Pialligo (postcode: 2609) () is a rural suburb of Canberra, Australian Capital Territory, Australia. The name Pialligo has been used for the area since at least 1820, and is probably of Aboriginal origin. It was also the name for the parish in the area. Streets in Pialligo are named with Aboriginal words.

Beltana Road in Pialligo is home to many of Canberra's nurseries. Canberra Airport is located adjacent to Pialligo across Pialligo Avenue.

Geology

Quaternary alluvium covers the main western part of Pialligo.  Calcareous shales from the Canberra Formation are deep underneath.

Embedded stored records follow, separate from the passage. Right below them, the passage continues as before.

(* Let $L\ge2$ and let $\mathcal H_1^L$ be the complete 1-constituent CCRN of length $L$ and order two. Then its number of complexes is $|\mathcal C_L|=\frac{(L+1)(L+2)}{2}-4$, its number of linkage classes is $\ell=2L-3$, the dimension of its stoichiometric subspace is $s=L-1$, and its deficiency is $\delta=|\mathcal C_L|-\ell-s=\frac{(L-1)(L-2)}{2}$.
   Context: The complete 1-constituent CCRN of length $L$ and order two has species set $\{\bar1,\dots,\bar L\}$ (cluster $\bar n$ has size $n$). A complex is a multiset of one or two species, written $\bar a$ or $\bar a+\bar b$, with size $a$, resp. $a+b$. The reaction set consists of all reactions $y\to y'$ between two distinct complexes $y\ne y'$ of width at most two having the same size (i.e. all $\bar a+\bar b\to\bar c+\bar d$ and $\bar a+\bar b\rightleftharpoons\bar c$ etc. with $a+b=c+d$, resp. $a+b=c$), so every reaction is reversible. The complex set $\mathcal C_L$ consists of the complexes that occur as input or output of at least one reaction. Linkage classes are the connected components of the (undirected) graph with vertex set $\mathcal C_L$ and an edge for each reaction. Each reaction $y\to y'$ has reaction vector $y'-y\in\mathbb Z^L$ (counting species multiplicities), the stoichiometric subspace is the span of all reaction vectors, $s$ is its dimension, and the deficiency is $\delta=|\mathcal C_L|-\ell-s$. *)

From HB Require Import structures.
From mathcomp Require Import all_boot all_order all_algebra.
Set Implicit Arguments. Unset Strict Implicit. Unset Printing Implicit Defensive.
Import Order.TTheory GRing.Theory Num.Theory.

(* Species of the complete 1-constituent CCRN of length L: the index
   i : 'I_L stands for the cluster \bar{i+1}, of size i+1.
   A (candidate) complex is a multiset of species, encoded by its
   multiplicity vector y : 'I_L -> {0,1,2}. *)
Definition cplx (L : nat) := {ffun 'I_L -> 'I_3}.

Definition width L (y : cplx L) : nat := \sum_(i < L) (y i : nat).

Definition csize L (y : cplx L) : nat := \sum_(i < L) (i.+1 * y i)%N.

Definition admissible L (y : cplx L) : bool := (0 < width y <= 2)%N.

Definition reaction L (y y' : cplx L) : bool :=
  [&& admissible y, admissible y', y != y' & csize y == csize y'].

Definition complexes L : {set cplx L} :=
  [set y | [exists y', reaction y y' || reaction y' y]].

Definition reaction_graph L : rel (cplx L) :=
  fun y y' => reaction y y' || reaction y' y.

Definition linkage_classes L : {set {set cplx L}} :=
  [set [set z in complexes L | connect (@reaction_graph L) y z]
     | y in complexes L].

Definition n_linkage L : nat := #|linkage_classes L|.

Definition reaction_vector L (y y' : cplx L) : 'rV[rat]_L :=
  \row_i (((y' i : nat)%:R - (y i : nat)%:R) : rat)%R.

Definition stoich_subspace L :=
  (\sum_(p : cplx L * cplx L | reaction p.1 p.2)
      <<reaction_vector p.1 p.2>>)%MS.

Definition stoich_dim L : nat := \rank (stoich_subspace L).

Definition deficiency L : int :=
  (#|complexes L|%:Z - (n_linkage L)%:Z - (stoich_dim L)%:Z)%R.

From HB Require Import structures.
From mathcomp Require Import all_boot all_order all_algebra.
From mathcomp Require Import zify ring.
Set Implicit Arguments. Unset Strict Implicit. Unset Printing Implicit Defensive.
Import GRing.Theory Num.Theory.

(* Every admissible complex (width one or two) is \bar a + \bar b with
   0 <= a <= b <= L, b > 0, where the slot 0 means "absent"; the pair (a, b)
   is recovered from the size a + b and the quadratic statistic a^2 + b^2.
   Two such complexes react iff they differ and have equal size, so the
   complex set consists of the sorted pairs with 2 <= a + b <= 2L - 2 (the
   sizes 1 and 2L each carry a single complex).  Counting sorted pairs and
   removing the four extreme ones gives |C| = (L+1)(L+2)/2 - 4.  Reactions
   preserve size, and equal-size complexes react directly, so the linkage
   classes are the size classes for sizes 2, ..., 2L - 2: there are 2L - 3.
   Reaction vectors are orthogonal to the size weights (1, ..., L), so
   s <= L - 1; conversely the reaction vectors of \bar 1 + \bar n -> \bar (n+1)
   together with the unit vector of \bar 1 span everything, so s >= L - 1.  The deficiency then
   follows by arithmetic. *)

(* The complex \bar a + \bar b; the index 0 stands for an empty slot, so that
   [pair_cplx L 0 b] is the one-species complex \bar b. *)
Definition pair_cplx L (a b : nat) : cplx L :=
  [ffun k : 'I_L => inord ((k.+1 == a) + (k.+1 == b))].

Lemma pair_cplxE L a b (k : 'I_L) :
  (pair_cplx L a b k : nat) = (k.+1 == a) + (k.+1 == b).
Proof. by rewrite ffunE inordK //; case: (_ == a); case: (_ == b). Qed.

Lemma pair_cplxC L a b : pair_cplx L a b = pair_cplx L b a.
Proof. by apply/ffunP => k; apply/val_inj; rewrite /= !pair_cplxE addnC. Qed.

Lemma pair_cplx_ext L (y : cplx L) a b :
  (forall k : 'I_L, (y k : nat) = (k.+1 == a) + (k.+1 == b)) ->
  y = pair_cplx L a b.
Proof. by move=> Ey; apply/ffunP => k; apply/val_inj; rewrite /= pair_cplxE. Qed.

Lemma sum_slot L (f : nat -> nat) a : a <= L -> f 0 = 0 ->
  \sum_(k < L) f k.+1 * (k.+1 == a) = f a.
Proof.
case: a => [|a] ha f0; first by rewrite big1 // => k _; rewrite muln0.
rewrite (bigD1 (Ordinal ha)) //= eqxx muln1 big1 ?addn0 // => k.
by rewrite -val_eqE /= eqSS => /negbTE ->; rewrite muln0.
Qed.

Lemma sum_pair_cplx L (f : nat -> nat) a b : a <= L -> b <= L -> f 0 = 0 ->
  \sum_(k < L) f k.+1 * pair_cplx L a b k = f a + f b.
Proof.
move=> ha hb f0; rewrite -(sum_slot ha f0) -(sum_slot hb f0) -big_split /=.
by apply: eq_bigr => k _; rewrite pair_cplxE mulnDr.
Qed.

Lemma width_pair_cplx L a b : a <= L -> b <= L ->
  width (pair_cplx L a b) = (0 < a) + (0 < b).
Proof.
move=> ha hb; rewrite -(sum_pair_cplx (f := fun x => (0 < x) : nat) ha hb) //.
by apply: eq_bigr => k _; rewrite mul1n.
Qed.

Lemma csize_pair_cplx L a b : a <= L -> b <= L -> csize (pair_cplx L a b) = a + b.
Proof. by move=> ha hb; rewrite -(sum_pair_cplx (f := id) ha hb). Qed.

(* A sorted pair of slots is recovered from the sum and the sum of squares. *)
Lemma pair_cplx_inj L a b c d : a <= b -> b <= L -> c <= d -> d <= L ->
  pair_cplx L a b = pair_cplx L c d -> a = c /\ b = d.
Proof.
move=> hab hb hcd hd E.
have sq x y : x <= L -> y <= L ->
    \sum_(k < L) k.+1 * k.+1 * pair_cplx L x y k = x * x + y * y.
  by move=> hx hy; rewrite (sum_pair_cplx (f := fun z => z * z) hx hy).
have sq_ab := sq a b (leq_trans hab hb) hb; have sq_cd := sq c d (leq_trans hcd hd) hd.
have sz_ab := csize_pair_cplx (leq_trans hab hb) hb.
have sz_cd := csize_pair_cplx (leq_trans hcd hd) hd.
rewrite E in sq_ab sz_ab; rewrite sq_ab in sq_cd; rewrite sz_ab in sz_cd; nia.
Qed.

The Woolshed Creek runs into the north end of Pialligo.  This is a significant place, because in the bed of the creek the Rev W B Clarke first recognised Silurian fossils.  These fossils were brachiopods, mostly Atrypa duntroonensis.  He discovered them around 1844 century and it was the first time that Silurian rocks were identified in Australia, and at the time were the oldest known rocks in Australia.  This mudstone is from the Canberra Formation.

Living history

Aside from the city's design, arguably Walter Burley Griffin's longest-living legacy in Canberra is the forest of Redwood trees (both Sequoia sempervirens and Sequoiadendron giganteum) that was planted in 1918 by Walter Burley Griffin and arborist Thomas Charles Weston on Pialligo Avenue.